### WORK ITEM:
Top to bottom, give the entries again exactly as written.

Dataset entries:
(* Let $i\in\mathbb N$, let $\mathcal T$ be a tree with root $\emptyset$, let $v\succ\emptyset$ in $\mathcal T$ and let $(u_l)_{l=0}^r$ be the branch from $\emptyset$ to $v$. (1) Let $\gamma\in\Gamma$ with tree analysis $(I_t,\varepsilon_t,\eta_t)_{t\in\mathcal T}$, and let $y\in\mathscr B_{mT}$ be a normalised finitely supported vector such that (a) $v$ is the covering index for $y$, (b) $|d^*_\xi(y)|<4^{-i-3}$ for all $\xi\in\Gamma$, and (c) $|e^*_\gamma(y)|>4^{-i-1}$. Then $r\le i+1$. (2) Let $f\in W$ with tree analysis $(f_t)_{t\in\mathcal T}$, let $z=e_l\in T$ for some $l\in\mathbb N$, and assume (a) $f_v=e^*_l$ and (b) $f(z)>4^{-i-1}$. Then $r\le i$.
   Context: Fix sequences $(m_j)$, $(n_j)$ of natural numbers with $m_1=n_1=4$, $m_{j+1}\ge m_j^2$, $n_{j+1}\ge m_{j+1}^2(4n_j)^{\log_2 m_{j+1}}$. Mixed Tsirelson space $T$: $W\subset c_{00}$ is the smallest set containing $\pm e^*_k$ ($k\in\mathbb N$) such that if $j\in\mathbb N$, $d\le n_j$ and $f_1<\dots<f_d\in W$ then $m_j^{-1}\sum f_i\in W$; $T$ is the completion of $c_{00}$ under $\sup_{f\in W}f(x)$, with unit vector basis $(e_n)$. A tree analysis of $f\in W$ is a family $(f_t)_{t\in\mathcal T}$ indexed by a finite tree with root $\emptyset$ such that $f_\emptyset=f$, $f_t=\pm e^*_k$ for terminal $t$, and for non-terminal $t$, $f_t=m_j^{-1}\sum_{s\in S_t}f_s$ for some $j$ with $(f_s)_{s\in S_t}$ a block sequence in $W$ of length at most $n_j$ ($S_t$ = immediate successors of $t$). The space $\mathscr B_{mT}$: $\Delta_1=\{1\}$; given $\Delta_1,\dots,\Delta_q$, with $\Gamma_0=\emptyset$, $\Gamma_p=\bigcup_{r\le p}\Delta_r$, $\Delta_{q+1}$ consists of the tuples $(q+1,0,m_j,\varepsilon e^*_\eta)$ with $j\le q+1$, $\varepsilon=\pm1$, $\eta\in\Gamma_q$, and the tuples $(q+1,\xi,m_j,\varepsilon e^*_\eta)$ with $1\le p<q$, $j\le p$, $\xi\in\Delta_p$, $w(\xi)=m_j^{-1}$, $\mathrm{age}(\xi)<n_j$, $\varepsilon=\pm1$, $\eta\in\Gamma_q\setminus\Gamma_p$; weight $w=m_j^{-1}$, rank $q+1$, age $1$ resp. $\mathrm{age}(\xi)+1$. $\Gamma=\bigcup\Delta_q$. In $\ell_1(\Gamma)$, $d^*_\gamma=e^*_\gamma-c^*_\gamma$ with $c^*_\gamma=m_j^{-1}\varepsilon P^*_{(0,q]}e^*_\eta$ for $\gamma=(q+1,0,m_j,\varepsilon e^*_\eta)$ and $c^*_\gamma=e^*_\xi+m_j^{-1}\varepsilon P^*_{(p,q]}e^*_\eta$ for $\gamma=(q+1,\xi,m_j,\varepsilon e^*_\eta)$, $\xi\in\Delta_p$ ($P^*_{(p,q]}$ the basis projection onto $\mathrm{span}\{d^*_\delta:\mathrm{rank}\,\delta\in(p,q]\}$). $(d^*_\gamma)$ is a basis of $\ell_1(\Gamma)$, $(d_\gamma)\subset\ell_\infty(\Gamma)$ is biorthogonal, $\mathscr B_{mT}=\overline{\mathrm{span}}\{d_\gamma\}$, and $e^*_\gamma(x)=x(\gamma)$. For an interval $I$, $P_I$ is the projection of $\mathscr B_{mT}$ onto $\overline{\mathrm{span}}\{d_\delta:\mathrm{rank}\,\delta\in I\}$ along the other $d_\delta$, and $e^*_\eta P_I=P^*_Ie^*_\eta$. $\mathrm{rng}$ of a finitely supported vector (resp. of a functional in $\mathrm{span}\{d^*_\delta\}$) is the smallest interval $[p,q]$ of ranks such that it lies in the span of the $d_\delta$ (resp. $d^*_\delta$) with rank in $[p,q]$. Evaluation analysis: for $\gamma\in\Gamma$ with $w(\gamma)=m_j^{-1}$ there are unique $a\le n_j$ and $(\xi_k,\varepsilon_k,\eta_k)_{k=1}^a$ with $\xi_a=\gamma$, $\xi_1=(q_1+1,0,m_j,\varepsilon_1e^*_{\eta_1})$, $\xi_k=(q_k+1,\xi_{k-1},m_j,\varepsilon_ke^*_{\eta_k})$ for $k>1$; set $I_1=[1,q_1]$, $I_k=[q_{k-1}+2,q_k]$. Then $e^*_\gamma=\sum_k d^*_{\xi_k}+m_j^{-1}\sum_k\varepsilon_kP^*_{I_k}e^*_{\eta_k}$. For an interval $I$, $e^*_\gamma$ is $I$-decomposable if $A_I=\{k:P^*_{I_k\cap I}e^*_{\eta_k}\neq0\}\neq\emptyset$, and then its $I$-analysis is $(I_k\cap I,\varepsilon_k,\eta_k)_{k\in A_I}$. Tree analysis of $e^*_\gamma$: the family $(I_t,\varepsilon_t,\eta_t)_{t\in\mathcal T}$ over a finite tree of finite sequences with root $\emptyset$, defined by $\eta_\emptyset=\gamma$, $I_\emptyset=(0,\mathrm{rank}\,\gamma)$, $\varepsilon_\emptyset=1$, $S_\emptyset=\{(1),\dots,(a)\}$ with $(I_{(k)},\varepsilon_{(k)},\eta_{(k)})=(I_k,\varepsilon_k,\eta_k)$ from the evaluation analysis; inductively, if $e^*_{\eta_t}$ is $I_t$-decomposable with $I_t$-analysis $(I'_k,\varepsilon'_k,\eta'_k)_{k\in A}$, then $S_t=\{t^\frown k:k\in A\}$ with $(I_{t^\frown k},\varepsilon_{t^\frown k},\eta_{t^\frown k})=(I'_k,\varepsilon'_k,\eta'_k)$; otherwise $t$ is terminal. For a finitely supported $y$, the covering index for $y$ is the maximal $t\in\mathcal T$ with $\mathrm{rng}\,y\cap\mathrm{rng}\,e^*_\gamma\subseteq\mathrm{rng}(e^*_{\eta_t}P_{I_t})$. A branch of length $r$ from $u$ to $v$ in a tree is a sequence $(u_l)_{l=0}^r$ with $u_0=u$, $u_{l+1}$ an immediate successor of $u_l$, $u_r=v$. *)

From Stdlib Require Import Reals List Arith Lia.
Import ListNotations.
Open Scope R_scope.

### ANSWER BELOW:
(* Let $i\in\mathbb N$, let $\mathcal T$ be a tree with root $\emptyset$, let $v\succ\emptyset$ in $\mathcal T$ and let $(u_l)_{l=0}^r$ be the branch from $\emptyset$ to $v$. (1) Let $\gamma\in\Gamma$ with tree analysis $(I_t,\varepsilon_t,\eta_t)_{t\in\mathcal T}$, and let $y\in\mathscr B_{mT}$ be a normalised finitely supported vector such that (a) $v$ is the covering index for $y$, (b) $|d^*_\xi(y)|<4^{-i-3}$ for all $\xi\in\Gamma$, and (c) $|e^*_\gamma(y)|>4^{-i-1}$. Then $r\le i+1$. (2) Let $f\in W$ with tree analysis $(f_t)_{t\in\mathcal T}$, let $z=e_l\in T$ for some $l\in\mathbb N$, and assume (a) $f_v=e^*_l$ and (b) $f(z)>4^{-i-1}$. Then $r\le i$.
   Context: Fix sequences $(m_j)$, $(n_j)$ of natural numbers with $m_1=n_1=4$, $m_{j+1}\ge m_j^2$, $n_{j+1}\ge m_{j+1}^2(4n_j)^{\log_2 m_{j+1}}$. Mixed Tsirelson space $T$: $W\subset c_{00}$ is the smallest set containing $\pm e^*_k$ ($k\in\mathbb N$) such that if $j\in\mathbb N$, $d\le n_j$ and $f_1<\dots<f_d\in W$ then $m_j^{-1}\sum f_i\in W$; $T$ is the completion of $c_{00}$ under $\sup_{f\in W}f(x)$, with unit vector basis $(e_n)$. A tree analysis of $f\in W$ is a family $(f_t)_{t\in\mathcal T}$ indexed by a finite tree with root $\emptyset$ such that $f_\emptyset=f$, $f_t=\pm e^*_k$ for terminal $t$, and for non-terminal $t$, $f_t=m_j^{-1}\sum_{s\in S_t}f_s$ for some $j$ with $(f_s)_{s\in S_t}$ a block sequence in $W$ of length at most $n_j$ ($S_t$ = immediate successors of $t$). The space $\mathscr B_{mT}$: $\Delta_1=\{1\}$; given $\Delta_1,\dots,\Delta_q$, with $\Gamma_0=\emptyset$, $\Gamma_p=\bigcup_{r\le p}\Delta_r$, $\Delta_{q+1}$ consists of the tuples $(q+1,0,m_j,\varepsilon e^*_\eta)$ with $j\le q+1$, $\varepsilon=\pm1$, $\eta\in\Gamma_q$, and the tuples $(q+1,\xi,m_j,\varepsilon e^*_\eta)$ with $1\le p<q$, $j\le p$, $\xi\in\Delta_p$, $w(\xi)=m_j^{-1}$, $\mathrm{age}(\xi)<n_j$, $\varepsilon=\pm1$, $\eta\in\Gamma_q\setminus\Gamma_p$; weight $w=m_j^{-1}$, rank $q+1$, age $1$ resp. $\mathrm{age}(\xi)+1$. $\Gamma=\bigcup\Delta_q$. In $\ell_1(\Gamma)$, $d^*_\gamma=e^*_\gamma-c^*_\gamma$ with $c^*_\gamma=m_j^{-1}\varepsilon P^*_{(0,q]}e^*_\eta$ for $\gamma=(q+1,0,m_j,\varepsilon e^*_\eta)$ and $c^*_\gamma=e^*_\xi+m_j^{-1}\varepsilon P^*_{(p,q]}e^*_\eta$ for $\gamma=(q+1,\xi,m_j,\varepsilon e^*_\eta)$, $\xi\in\Delta_p$ ($P^*_{(p,q]}$ the basis projection onto $\mathrm{span}\{d^*_\delta:\mathrm{rank}\,\delta\in(p,q]\}$). $(d^*_\gamma)$ is a basis of $\ell_1(\Gamma)$, $(d_\gamma)\subset\ell_\infty(\Gamma)$ is biorthogonal, $\mathscr B_{mT}=\overline{\mathrm{span}}\{d_\gamma\}$, and $e^*_\gamma(x)=x(\gamma)$. For an interval $I$, $P_I$ is the projection of $\mathscr B_{mT}$ onto $\overline{\mathrm{span}}\{d_\delta:\mathrm{rank}\,\delta\in I\}$ along the other $d_\delta$, and $e^*_\eta P_I=P^*_Ie^*_\eta$. $\mathrm{rng}$ of a finitely supported vector (resp. of a functional in $\mathrm{span}\{d^*_\delta\}$) is the smallest interval $[p,q]$ of ranks such that it lies in the span of the $d_\delta$ (resp. $d^*_\delta$) with rank in $[p,q]$. Evaluation analysis: for $\gamma\in\Gamma$ with $w(\gamma)=m_j^{-1}$ there are unique $a\le n_j$ and $(\xi_k,\varepsilon_k,\eta_k)_{k=1}^a$ with $\xi_a=\gamma$, $\xi_1=(q_1+1,0,m_j,\varepsilon_1e^*_{\eta_1})$, $\xi_k=(q_k+1,\xi_{k-1},m_j,\varepsilon_ke^*_{\eta_k})$ for $k>1$; set $I_1=[1,q_1]$, $I_k=[q_{k-1}+2,q_k]$. Then $e^*_\gamma=\sum_k d^*_{\xi_k}+m_j^{-1}\sum_k\varepsilon_kP^*_{I_k}e^*_{\eta_k}$. For an interval $I$, $e^*_\gamma$ is $I$-decomposable if $A_I=\{k:P^*_{I_k\cap I}e^*_{\eta_k}\neq0\}\neq\emptyset$, and then its $I$-analysis is $(I_k\cap I,\varepsilon_k,\eta_k)_{k\in A_I}$. Tree analysis of $e^*_\gamma$: the family $(I_t,\varepsilon_t,\eta_t)_{t\in\mathcal T}$ over a finite tree of finite sequences with root $\emptyset$, defined by $\eta_\emptyset=\gamma$, $I_\emptyset=(0,\mathrm{rank}\,\gamma)$, $\varepsilon_\emptyset=1$, $S_\emptyset=\{(1),\dots,(a)\}$ with $(I_{(k)},\varepsilon_{(k)},\eta_{(k)})=(I_k,\varepsilon_k,\eta_k)$ from the evaluation analysis; inductively, if $e^*_{\eta_t}$ is $I_t$-decomposable with $I_t$-analysis $(I'_k,\varepsilon'_k,\eta'_k)_{k\in A}$, then $S_t=\{t^\frown k:k\in A\}$ with $(I_{t^\frown k},\varepsilon_{t^\frown k},\eta_{t^\frown k})=(I'_k,\varepsilon'_k,\eta'_k)$; otherwise $t$ is terminal. For a finitely supported $y$, the covering index for $y$ is the maximal $t\in\mathcal T$ with $\mathrm{rng}\,y\cap\mathrm{rng}\,e^*_\gamma\subseteq\mathrm{rng}(e^*_{\eta_t}P_{I_t})$. A branch of length $r$ from $u$ to $v$ in a tree is a sequence $(u_l)_{l=0}^r$ with $u_0=u$, $u_{l+1}$ an immediate successor of $u_l$, $u_r=v$. *)

From Stdlib Require Import Reals List Arith Lia.
Import ListNotations.
Open Scope R_scope.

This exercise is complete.